One possible explanation for this dichotomy is that Trump’s approach to East Asia may not be as radically different from Obama’s as the campaign rhetoric indicated. It is possible that the White House will jettison candidate Trump’s fiery rhetoric on alliances (at least in Asia), along with “lock her up” and other slogans that Trump found to be useful politically but untenable or unrealistic to pursue as president. If so, this would be a positive development — not only because it suggests an embrace of Obama’s policies and strategies toward the region, but also because it suggests that Trump is willing to adapt his approach as he learns more about the issues. This would not be unprecedented — President John F. Kennedy, for example, campaigned on closing the so-called “missile gap,” but changed course when he learned that the gap did not, in fact, exist. Good leaders adapt when presented with new information, and an adjustment by Trump in this area would be a step in the right direction.

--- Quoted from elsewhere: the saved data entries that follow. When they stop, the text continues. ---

Definition path_edge (m : nat) (d : V m) (s : seq (V m)) (i : nat) : {set V m} :=
  [set nth d s (2 * i); nth d s (2 * i).+1; nth d s (2 * i).+2].

Definition loose_path (m : nat) (a b : V m) (s : seq (V m)) : Prop :=
  [/\ odd (size s), nth a s 0 = a, last a s = b & uniq s] /\
  [/\ (forall i, i < (size s)./2 ->
         is_edge (nth a s (2 * i)) (nth a s (2 * i).+1) (nth a s (2 * i).+2)) &
      (forall i j, i < j -> j < (size s)./2 -> path_edge a s i != path_edge a s j)].

Definition config (m : nat) (a b x y : V m) : Prop :=
  [/\ a != b, a != x & a != y] /\ [/\ b != x, b != y & x != y].

Definition covered (m : nat) (a b x y : V m) : Prop :=
  exists s : seq (V m), loose_path a b s /\
    (forall v : V m, v \in s = (v != x) && (v != y)).

Definition sym (m : nat) (sg : {perm 'I_m}) (p : {ffun 'I_m -> {perm 'I_3}})
  (v : V m) : V m := [ffun i => p i (v (sg i))].

Definition of_type (m : nat) (P : V m -> V m -> V m -> V m -> Prop)
  (a b x y : V m) : Prop :=
  exists (sg : {perm 'I_m}) (p : {ffun 'I_m -> {perm 'I_3}}),
    let g := sym sg p in
    P (g a) (g b) (g x) (g y) \/ P (g a) (g b) (g y) (g x).

(* Conditions in dimension m.+1 (the paper's n = m+1): the last coordinate is
   ord_max, and v_{[n-1]} is the restriction to the first m coordinates. *)
Definition lst (m : nat) (v : V m.+1) : 'I_3 := v ord_max.
Definition pre (m : nat) (v : V m.+1) : V m :=
  [ffun i : 'I_m => v (widen_ord (leqnSn m) i)].
Definition co (m : nat) (v : V m.+1) (i : 'I_m) : 'I_3 :=
  v (widen_ord (leqnSn m) i).

Definition t1 (m : nat) (a b x y : V m.+1) : Prop :=
  [/\ lst a = c0, lst x = c0, lst b = c1, lst y = c2 &
      pre a \notin [:: pre b; pre x; pre y]].
Definition t2 (m : nat) (a b x y : V m.+1) : Prop :=
  [/\ lst a = c0, lst b = c0, lst x = c1, lst y = c2 &
      pre a \notin [:: pre b; pre x; pre y]].
Definition t3 (m : nat) (a b x y : V m.+1) : Prop :=
  [/\ lst a = c0, lst x = c0, lst b = c1 & lst y = c1].
Definition t4 (m : nat) (a b x y : V m.+1) : Prop :=
  [/\ lst a = c0, lst b = c1, lst x = c1, lst y = c2 &
      pre b \notin [:: pre a; pre x; pre y]].
Definition t5 (m : nat) (a b x y : V m.+1) : Prop :=
  [/\ lst a = c0, lst b = c0, lst x = c1, lst y = c2 &
      pre b \notin [:: pre a; pre x; pre y]].

Definition phi1 (m : nat) (a b x y : V m.+1) : Prop :=
  t1 a b x y /\ exists i : 'I_m, co b i \in [:: co a i; co x i; co y i].
Definition phi2 (m : nat) (a b x y : V m.+1) : Prop :=
  (t2 a b x y \/ t5 a b x y) /\
  exists (i i' : 'I_m) (u w : V m.+1),
    [/\ i != i', u \in [:: a; b], w \in [:: x; y],
        co u i = co w i & co u i' = co w i'].
Definition phi3 (m : nat) (a b x y : V m.+1) : Prop :=
  t3 a b x y /\ exists i : 'I_m, co a i = co y i \/ co b i = co x i.
Definition phi4 (m : nat) (a b x y : V m.+1) : Prop :=
  t4 a b x y /\ exists i : 'I_m, co a i \in [:: co b i; co x i; co y i].

From HB Require Import structures.
From mathcomp Require Import all_boot fingroup perm zify.
Set Implicit Arguments. Unset Strict Implicit. Unset Printing Implicit Defensive.

(* Write a vertex of Q^3_d as a vertex of Q^3_{d-1} together with its last
   coordinate c: Q^3_d is made of three layers c = 0, 1, 2, each a copy of
   Q^3_{d-1}, joined by the vertical edges {(v,0), (v,1), (v,2)}.  For a
   configuration of type t1, t2 or t3 we pick auxiliary vertices P, Q of
   Q^3_{d-1} such that three configurations of Q^3_{d-1} built from the
   prefixes of a, b, x, y and from P, Q are of type phi1, ..., phi4, hence
   covered; their covering paths, laid in the three layers and joined by the
   vertical edges through (the prefix of) a, P and Q, cover Q^3_d minus x and y.
   The phi-conditions only involve three coordinates separating a from b, x and
   y, so up to a renaming of values there are 14^3 cases, each settled by one
   of four explicit candidates (P, Q) found by a finite search.  Types t4 and t5
   reduce to t1 and t2 by a symmetry and reversing the path.  Finally, the
   concatenation is a path because it visits all 3^d - 2 vertices and has at
   most that many entries. *)

Definition glue (T : Type) (s t : seq T) := s ++ behead t.

Lemma size_glue (T : Type) (s t : seq T) : size (glue s t) = size s + (size t).-1.
Proof. by rewrite size_cat size_behead. Qed.

Section LooseWalks.
Variable m : nat.
Implicit Types (a b c u v w x y : V m) (s t : seq (V m)).

Lemma is_edge_rev u v w : is_edge u v w -> is_edge w v u.
Proof. by case=> uv vw uw [i Hi]; split; rewrite 1?eq_sym //; exists i => j /Hi [-> ->]. Qed.

Inductive lwalk : V m -> V m -> seq (V m) -> Prop :=
| lwalk_edge u v w : is_edge u v w -> lwalk u w [:: u; v; w]
| lwalk_cons u v w b s : is_edge u v w -> lwalk w b s -> lwalk u b [:: u, v & s].

Lemma lwalk_head a b s : lwalk a b s -> s = a :: behead s.
Proof. by case. Qed.

Lemma lwalk_last a b s : lwalk a b s -> last a s = b.
Proof. by elim=> //= u v w b' t _ /lwalk_head -> <-. Qed.

Lemma lwalk_mem_last a b s : lwalk a b s -> b \in s.
Proof. by elim=> [u v w|u v w b' t _ _ IH] *; rewrite !inE ?eqxx ?IH ?orbT. Qed.

Lemma lwalk_odd a b s : lwalk a b s -> odd (size s).
Proof. by elim=> //= u v w b' t _ _; rewrite negbK. Qed.

Lemma lwalk_glue a c b s t : lwalk a c s -> lwalk c b t -> lwalk a b (glue s t).
Proof.
elim=> [u v w E|u v w c' s' E _ IH] Ht; last exact: lwalk_cons E (IH Ht).
by rewrite /glue /= -(lwalk_head Ht); apply: lwalk_cons E Ht.
Qed.

Lemma mem_glue a c b s t z : lwalk a c s -> lwalk c b t ->
  (z \in glue s t) = (z \in s) || (z \in t).
Proof.
move=> Hs Ht; have cs := lwalk_mem_last Hs.
rewrite /glue mem_cat {2}(lwalk_head Ht) inE.
by case: (z =P c) => [->|]; rewrite ?cs ?orbF.
Qed.

Lemma size_lwalk a b s : lwalk a b s -> 2 < size s.
Proof. by case=> // u v w b' t _ /lwalk_head ->. Qed.

Lemma lwalk_rev a b s : lwalk a b s -> lwalk b a (rev s).
Proof.
elim=> [u v w E|u v w b' t E _ IH]; first exact/lwalk_edge/is_edge_rev.
have -> : rev [:: u, v & t] = glue (rev t) [:: w; v; u].
  by rewrite /glue !rev_cons -!cats1 -catA.
exact: lwalk_glue IH (lwalk_edge (is_edge_rev E)).
Qed.

Lemma lwalk_nth_edge a b s d i : lwalk a b s -> i < (size s)./2 ->
  is_edge (nth d s (2 * i)) (nth d s (2 * i).+1) (nth d s (2 * i).+2).
Proof.
move=> H; elim: H i => [u v w E|u v w b' t E Ht IH] [|i] //.
  by rewrite (lwalk_head Ht).
by rewrite mulnS; apply: IH.
Qed.

Lemma lwalk_of_edges d s : 1 < size s -> odd (size s) ->
  (forall i, i < (size s)./2 ->
     is_edge (nth d s (2 * i)) (nth d s (2 * i).+1) (nth d s (2 * i).+2)) ->
  lwalk (head d s) (last d s) s.
Proof.
have [k] := ubnP (size s); elim: k s => // k IH [|u [|v [|w t]]] // /ltnSE sk _ odd_s E.
have E0 : is_edge u v w := E 0 isT.
case: t => [|w' t'] in sk odd_s E *; first exact: lwalk_edge E0.
apply: lwalk_cons E0 (IH (w :: w' :: t') _ isT _ _) => [||i Hi] //=.
- by move: sk => /=; lia.
- by move: odd_s => /=; rewrite !negbK.
- by have := E i.+1; rewrite mulnS; apply.
Qed.

Lemma path_edge_neq d s i j : odd (size s) -> uniq s -> i < j -> j < (size s)./2 ->
  path_edge d s i != path_edge d s j.
Proof.
move=> os us ij js; apply/negP => /eqP E.
have : nth d s (2 * i).+1 \in path_edge d s j by rewrite -E !inE eqxx orbT.
have hs : size s = (size s)./2 * 2 + 1 by rewrite -{1}(odd_double_half (size s)) os -muln2 addnC.
move: hs js; set h := (size s)./2 => hs js.
by rewrite !inE !nth_uniq //; try rewrite hs; lia.
Qed.

Lemma loose_pathP a b s : a != b -> loose_path a b s <-> lwalk a b s /\ uniq s.
Proof.
move=> ab; split=> [[[os s0 sl us] [E _]]|[H us]].
  have s1 : 1 < size s.
    by case: s os s0 sl {us E} => [|u [|v t]] //= _ -> ba; rewrite ba eqxx in ab.
  by split=> //; have := lwalk_of_edges s1 os E; rewrite -nth0 s0 sl.
have os := lwalk_odd H; split; split=> //.
- by rewrite (lwalk_head H).
- exact: lwalk_last H.
- by move=> i; apply: lwalk_nth_edge H.
- by move=> i j; apply: path_edge_neq.
Qed.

On the other hand, it is also possible that Mattis and Trump are simply not on the same page when it comes to U.S. alliances in Asia, and that Trump will re-attack when he refocuses on these issues. Since his inauguration, other than announcing the death of the Trans-Pacific Partnership and conducting some courtesy calls with other heads of state, Trump has mostly focused on issues not related to the Asia-Pacific. This could mean that Trump simply hasn’t turned his attention to the region enough to make the kind of drastic statements that he did on the campaign. Accordingly, Trump’s calls for a far more confrontational and less reassuring approach to U.S. allies may reappear. If Trump reiterates some of the more radical pronouncements he made as a candidate, the geopolitical dynamics of the Asia-Pacific could change dramatically — and not for the better. A move by Trump in this direction would also significantly undermine the credibility of Mattis and others in the administration who have sought to reassure U.S. allies and are advocating for a more traditional approach to the region.
The Trump administration will have an opportunity to clarify its approach to the Asia-Pacific when Japanese Prime Minister Shinzo Abe visits Washington on Feb. 10. While talk of a large potential economic agreement will probably dominate the headlines, security issues will also come up. Will Trump reiterate Obama’s statement that U.S. security commitments cover the Senkaku islands, an area also claimed by China? Will Trump press Abe on further increasing Japanese financial support to U.S. forces and increasing Japan’s defense budget? Will the president reiterate his previous threat to withdraw U.S. forces if Japan doesn’t pay more?
With the Trump administration still less than a month old and many of its key Asia-related policymaking positions not yet in place, it is understandable that the White House has not expressed a comprehensive strategy toward the Asia-Pacific. Yet the world is not standing still, and these issues should be on the agenda when Abe comes to town.